My cheeks burn, humiliation crawling up my spine like fire ants. "Then what exactly do you want?" I snap, patience fraying.
"I want you to think." He steps closer, not touching me but invading my space until the air feels thin. "Stop performing and start observing. Who am I? What drives me? What weaknesses have you identified?"
I stare at him, searching for something—anything—I can exploit. The usual tells are absent. No wedding ring. No nervous tics. No hungry eyes tracking my curves. He's a fucking black hole where desire should be.
"You don't have any," I mutter, frustration boiling over. "You're not human."
Something shifts in his eyes—not quite amusement, but close. "Wrong. Everyone has weaknesses. Even me. But you're not looking past the surface." He circles me, predator-slow. "You're used to men wanting to fuck you. That's easy. Child's play. But what about the ones who want something else?"
"Like what?"
"Power. Validation. To feel special. Understood." His voice drops lower. "To be seen."
The realization hits like a slap. I've been playing this all wrong. Killion doesn't want my body—he wants my mind. My full attention.
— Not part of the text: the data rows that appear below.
(* Let $\|\cdot\|$ be an arbitrary norm on $\mathbb{R}^d$ and let $A$ be an expanding real $d\times d$ matrix such that $\|\gamma\|\le\|A\gamma\|$ for all $\gamma\in\mathbb{R}^d$. Let $r:[0,\infty)\to\mathbb{R}$ be a continuous decreasing function with $r(0)=1$ and $r(s)\to0$ as $s\to\infty$. Put $\varphi(\gamma):=r(\|\gamma\|)$ and $g(\gamma):=\varphi(\gamma)-\varphi(A\gamma)$ for $\gamma\in\mathbb{R}^d$. Then: (i) $g(\gamma)\ge 0$ for all $\gamma\in\mathbb{R}^d$; (ii) $\sum_{j\in\mathbb{Z}} g(A^j\gamma)=1$ for all $\gamma\in\mathbb{R}^d\setminus\{0\}$; (iii) there exists a constant $C>0$ such that $$C\le\sum_{j\in\mathbb{Z}}|g(A^j\gamma)|^2\le 1\quad\text{for all }\gamma\in\mathbb{R}^d\setminus\{0\}.$$
   Context: A real $d\times d$ matrix is called expanding if all of its eigenvalues have absolute value strictly greater than one. *)

From HB Require Import structures.
From mathcomp Require Import all_boot all_order all_algebra.
From mathcomp Require Import complex.
From mathcomp Require Import all_classical all_reals all_analysis.
Set Implicit Arguments. Unset Strict Implicit. Unset Printing Implicit Defensive.
Import Order.TTheory GRing.Theory Num.Theory.
Import numFieldNormedType.Exports.
Local Open Scope classical_set_scope.
Local Open Scope ring_scope.

Definition is_norm (R : realType) (d : nat) (N : 'cV[R]_d -> R) : Prop :=
  [/\ forall x, 0 <= N x,
      forall x, N x = 0 -> x = 0,
      forall (a : R) x, N (a *: x) = `|a| * N x
    & forall x y, N (x + y) <= N x + N y].

Definition expanding (R : realType) (d : nat) (A : 'M[R]_d) : Prop :=
  forall z : complex (R : rcfType),
    eigenvalue (map_mx (real_complex (R : rcfType)) A) z ->
    1 < ComplexField.Normc.normc z.

Definition mxpowz (R : realType) (d : nat) (A : 'M[R]_d) (j : int) : 'M[R]_d :=
  match j with
  | Posz n => A ^+ n
  | Negz n => (invmx A) ^+ n.+1
  end.

(* Bi-infinite sum over Z: sum_{j in Z} a j = l means both one-sided series
   sum_{n >= 0} a n and sum_{n >= 1} a (-n) converge, with sum of limits l. *)
Definition zsum_to (R : realType) (a : int -> R) (l : R) : Prop :=
  exists l1 l2 : R,
    [/\ series (fun n : nat => a (Posz n)) @ \oo --> l1,
        series (fun n : nat => a (Negz n)) @ \oo --> l2
      & l1 + l2 = l].

(* All eigenvalues of A^-1 lie in the open unit disc, so (Cayley-Hamilton over
   the complex numbers) the powers A^-k tend to 0, and by equivalence of norms
   N (A^-k x) <= eta * N x uniformly in x once k is large.  Hence for x <> 0,
   N (A^k x) -> +oo and N (A^-k x) -> 0, and the partial sums of g (A^j x)
   telescope to r (N (A^-m x)) - r (N (A^m x)) -> 1 - 0.  For the lower bound
   choose s1 with r > 3/4 on [0, s1] and s0 with r < 1/4 on [s0, +oo[; the
   uniform contraction gives an L such that L steps after the last j with
   N (A^j x) <= s1 the norm exceeds s0, so these L gaps sum to more than 1/2 and
   one of them is at least 1/(2L).  The upper bound holds as 0 <= g <= 1. *)

From HB Require Import structures.
From mathcomp Require Import all_boot all_order all_algebra.
From mathcomp Require Import complex.
From mathcomp Require Import all_classical all_reals all_analysis.
From mathcomp Require Import ring lra.
Set Implicit Arguments. Unset Strict Implicit. Unset Printing Implicit Defensive.
Import Order.TTheory GRing.Theory Num.Theory.
Import numFieldNormedType.Exports.
Local Open Scope classical_set_scope.
Local Open Scope ring_scope.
The one thing I've never truly given anyone.
I straighten, letting the fake seduction drop away. Meet his gaze directly, really looking at him for the first time. "Show me," I say, no purr, no artifice. Just focus.
Something like approval flickers across his face. "Now we're getting somewhere."
I grit my teeth, jaw tight, and reset—muscles howling as I shift back into position, ass out, spine curved, hands splayed on the wall. He circles again, a shark scenting blood, his boots a relentless echo.
He’s overwhelming—six feet of hard muscle, deep blue eyes that don’t blink, a presence that sucks the oxygen out of the room. I hate it. Hate how he looms, how he sees everything.